The program, statcheck, took less than 2 hours to crunch through more than 30,000 papers published in 8 respected journals between 1985 and 2013, says Michèle Nuijten, who studies analytical methods at Tilburg University in the Netherlands and is an author of a report on the work published in Behavior Research Methods1.

The software found that 16,700 of the papers included tests of statistical significance in a format that it could check. Of these, it discovered that 50% had reported at least one P value — which reflects the likelihood of getting observed results if a null hypothesis is true — that was inconsistent with related statistical parameters in the test. And 13% of the papers contained an error that changed their conclusion: non-significant results were reported as significant, or vice versa.

These rates are in line with previous studies that assessed inconsistencies in P values manually, but checking by hand is tedious, says Nuijten. “On average, a psychology article contains about 11 P values. That means that statcheck checked it in the blink of an eye, whereas by hand it would take you about 10 minutes,” she says.

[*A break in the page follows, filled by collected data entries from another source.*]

(* (i) If an entanglement witness $W$ on $\mathbb{C}^m\otimes\mathbb{C}^n$ can be locally projected to an entanglement witness supported on $\mathbb{C}^2\otimes\mathbb{C}^n$, then it can be further locally projected to an entanglement witness supported on $\mathbb{C}^2\otimes\mathbb{C}^2$. (ii) If $\rho_{AB}$ is a $1$-undistillable NPT state on $\mathbb{C}^m\otimes\mathbb{C}^n$, then $\rho_{AB}^\Gamma$ (which is an entanglement witness) cannot be locally projected to an entanglement witness supported on $\mathbb{C}^2\otimes\mathbb{C}^n$. (iii) If an entanglement witness can be locally projected to a non-decomposable entanglement witness that detects some PPT entangled state, then the original entanglement witness is itself non-decomposable.
   Context: An entanglement witness (EW) is a Hermitian matrix $W$ with $\mathrm{tr}(W\sigma)\ge0$ for all separable states $\sigma$ and $\mathrm{tr}(W\sigma)<0$ for some entangled state; it detects $\rho$ if $\mathrm{tr}(W\rho)<0$. A Hermitian matrix $W$ on $\mathbb{C}^m\otimes\mathbb{C}^n$ is locally projected to $W'=(U\otimes V)W(U\otimes V)^\dagger$ supported on $\mathbb{C}^p\otimes\mathbb{C}^q$ for matrices $U\in\mathcal{M}_{p,m}(\mathbb{C})$, $V\in\mathcal{M}_{q,n}(\mathbb{C})$. $M^\Gamma$ is the partial transpose with respect to the first subsystem; PPT/NPT means $\rho^\Gamma$ is / is not positive semidefinite. A state $\rho$ on $\mathbb{C}^m\otimes\mathbb{C}^n$ is $1$-undistillable if $(U\otimes V)\rho(U\otimes V)^\dagger$ is PPT for every $U\in\mathcal{M}_{2,m}(\mathbb{C})$ and every $V\in\mathcal{M}_{n}(\mathbb{C})$. A Hermitian $W$ is decomposable if $W=X^\Gamma+Y$ with $X,Y$ positive semidefinite. *)

From HB Require Import structures.
From mathcomp Require Import all_boot all_order all_algebra.
From mathcomp Require Import reals.
From mathcomp Require Import complex mxtens.
Set Implicit Arguments. Unset Strict Implicit. Unset Printing Implicit Defensive.
Import Order.TTheory GRing.Theory Num.Theory.
Local Open Scope ring_scope.

Section QInfo.
Variable R : realType.
Local Notation C := (complex R).

Definition adj (k l : nat) (A : 'M[C]_(k, l)) : 'M[C]_(l, k) :=
  (map_mx Num.conj A)^T.

Definition hermitian (k : nat) (A : 'M[C]_k) : Prop := adj A = A.

Definition psd (k : nat) (A : 'M[C]_k) : Prop :=
  hermitian A /\ forall v : 'cV[C]_k, 0 <= (adj v *m A *m v) 0 0.

Definition state (k : nat) (A : 'M[C]_k) : Prop := psd A /\ \tr A = 1.

(* Kronecker product A (x) B with the standard index (i,j) |-> i*n + j *)
Definition kron (m1 n1 m2 n2 : nat) (A : 'M[C]_(m1, n1)) (B : 'M[C]_(m2, n2))
  : 'M[C]_(m1 * m2, n1 * n2) := tensmx A B.

Definition separable (m n : nat) (s : 'M[C]_(m * n)) : Prop :=
  exists (N : nat) (p : 'I_N -> C) (A : 'I_N -> 'M[C]_m) (B : 'I_N -> 'M[C]_n),
    (forall i, 0 <= p i /\ state (A i) /\ state (B i)) /\
    \sum_(i < N) p i = 1 /\
    s = \sum_(i < N) p i *: kron (A i) (B i).

(* partial transpose with respect to the first subsystem:
   (M^Gamma)_{(a,b),(c,d)} = M_{(c,b),(a,d)} *)
Definition ptrans (m n : nat) (M : 'M[C]_(m * n)) : 'M[C]_(m * n) :=
  \matrix_(i, j)
    M (@mxtens_index m n ((mxtens_unindex j).1, (mxtens_unindex i).2))
      (@mxtens_index m n ((mxtens_unindex i).1, (mxtens_unindex j).2)).

Definition PPT (m n : nat) (r : 'M[C]_(m * n)) : Prop := psd (@ptrans m n r).
Definition NPT (m n : nat) (r : 'M[C]_(m * n)) : Prop := ~ @PPT m n r.

Definition EW (m n : nat) (W : 'M[C]_(m * n)) : Prop :=
  hermitian W /\
  (forall s : 'M[C]_(m * n), @separable m n s -> 0 <= \tr (W *m s)) /\
  (exists r : 'M[C]_(m * n), state r /\ ~ @separable m n r /\ \tr (W *m r) < 0).

Definition detects (k : nat) (W r : 'M[C]_k) : Prop := \tr (W *m r) < 0.

Definition lproj (p q m n : nat) (U : 'M[C]_(p, m)) (V : 'M[C]_(q, n))
  (W : 'M[C]_(m * n)) : 'M[C]_(p * q) :=
  kron U V *m W *m adj (kron U V).

Definition undistillable1 (m n : nat) (r : 'M[C]_(m * n)) : Prop :=
  forall (U : 'M[C]_(2, m)) (V : 'M[C]_(n, n)), @PPT 2 n (lproj U V r).

Definition decomposable (m n : nat) (W : 'M[C]_(m * n)) : Prop :=
  exists X Y : 'M[C]_(m * n), psd X /\ psd Y /\ W = @ptrans m n X + Y.

End QInfo.
Arguments ptrans {R} m n M.
Arguments separable {R} m n s.
Arguments PPT {R} m n r.
Arguments NPT {R} m n r.
Arguments EW {R} m n W.
Arguments undistillable1 {R} m n r.
Arguments decomposable {R} m n W.

From Pilot Require Import Defs.
From HB Require Import structures.
From mathcomp Require Import all_boot all_order all_algebra.
From mathcomp Require Import reals.
From mathcomp Require Import complex mxtens.
From mathcomp Require Import ring.
From mathcomp Require boolp spectral.
Import Order.TTheory GRing.Theory Num.Theory.
Local Open Scope ring_scope.

(** A Hermitian matrix is an entanglement witness exactly when it is block
    positive, i.e. <x (x) y| W |x (x) y> >= 0 for all product vectors, without
    being positive semidefinite; block positivity survives local projections.
    (i) A negative direction x of a witness on C^2 (x) C^n is the image
    (1 (x) Q^dagger) Phi of the unnormalised maximally entangled vector
    Phi = sum_a e_a (x) e_a of C^2 (x) C^2, so projecting further by 1 (x) Q
    keeps a negative direction.
    (ii) Local projection commutes with partial transposition up to conjugating
    U: (U (x) V) M^Gamma (U (x) V)^dagger = ((conj U (x) V) M (conj U (x) V)^dagger)^Gamma.
    For M = rho the right-hand side is positive semidefinite by
    1-undistillability, so it detects nothing; and rho^Gamma is block positive
    because its product expectations are expectations of rho.
    (iii) The same identity sends X^Gamma + Y to a decomposable matrix, so local
    projections preserve decomposability. *)

Section Witnesses.
Set Implicit Arguments.
Unset Strict Implicit.
Variable R : realType.
Local Notation C := (complex R).

Lemma adjE k l (A : 'M[C]_(k, l)) i j : adj A i j = (A j i)^*.
Proof. by rewrite /adj !mxE. Qed.

Lemma adjK k l (A : 'M[C]_(k, l)) : adj (adj A) = A.
Proof. by apply/matrixP => i j; rewrite !adjE conjCK. Qed.

Lemma adjM k l p (A : 'M[C]_(k, l)) (B : 'M[C]_(l, p)) :
  adj (A *m B) = adj B *m adj A.
Proof.
apply/matrixP => i j; rewrite adjE !mxE rmorph_sum; apply: eq_bigr => h _.
by rewrite !adjE rmorphM mulrC.
Qed.

Lemma adjZ k l a (A : 'M[C]_(k, l)) : adj (a *: A) = a^* *: adj A.
Proof. by apply/matrixP => i j; rewrite !adjE !mxE rmorphM. Qed.

Lemma adj1 k : adj (1%:M : 'M[C]_k) = 1%:M.
Proof. by apply/matrixP => i j; rewrite adjE !mxE conjC_nat eq_sym. Qed.

Lemma adj_delta k l (i : 'I_k) (j : 'I_l) :
  adj (delta_mx i j : 'M[C]_(k, l)) = delta_mx j i.
Proof. by apply/matrixP => a b; rewrite adjE !mxE conjC_nat andbC. Qed.

Lemma adj_kron m1 n1 m2 n2 (A : 'M[C]_(m1, n1)) (B : 'M[C]_(m2, n2)) :
  adj (kron A B) = kron (adj A) (adj B).
Proof. by rewrite /adj /kron map_mxT trmx_tens. Qed.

Overall, the software package looked at more than 258,000 P values reported in the papers, of which 10% were inconsistent with the related data. Most of those errors did not influence any statistical conclusion, because the P value was not near the 0.05 that is used as a benchmark of statistical significance. But the majority of the mistakes that did matter were non-significant P values wrongly presented as significant. Papers are not getting noticeably worse at weeding out errors, however: the average prevalence of inconsistent P values was stable, or may have declined slightly, between 1985 and 2013, the report found.

Large-scale literature checks

Daniele Fanelli, who studies scientific bias and behaviour at the Meta-Research and Innovation Center at Stanford University in Palo Alto, California, says that this is an important finding. “It suggests that, contrary to common speculations, the rate of errors and therefore potentially of sloppiness or questionable research practices have not grown in recent decades.” He thinks that the tool will be important mostly to meta-researchers analysing the literature on a large scale.

There are other software packages that can check P values when the data are plugged into them, but Nuijten is not aware of any others that can automatically extract values from papers. She thinks that her team’s program (written in the popular open-source software package R) could be applied easily by researchers, reviewers and editors. “I think a lot of reporting errors could be avoided if researchers used statcheck to check their own papers,” she says. “If journals already use an automated check for plagiarism, it seems a small step to include a statistical check.”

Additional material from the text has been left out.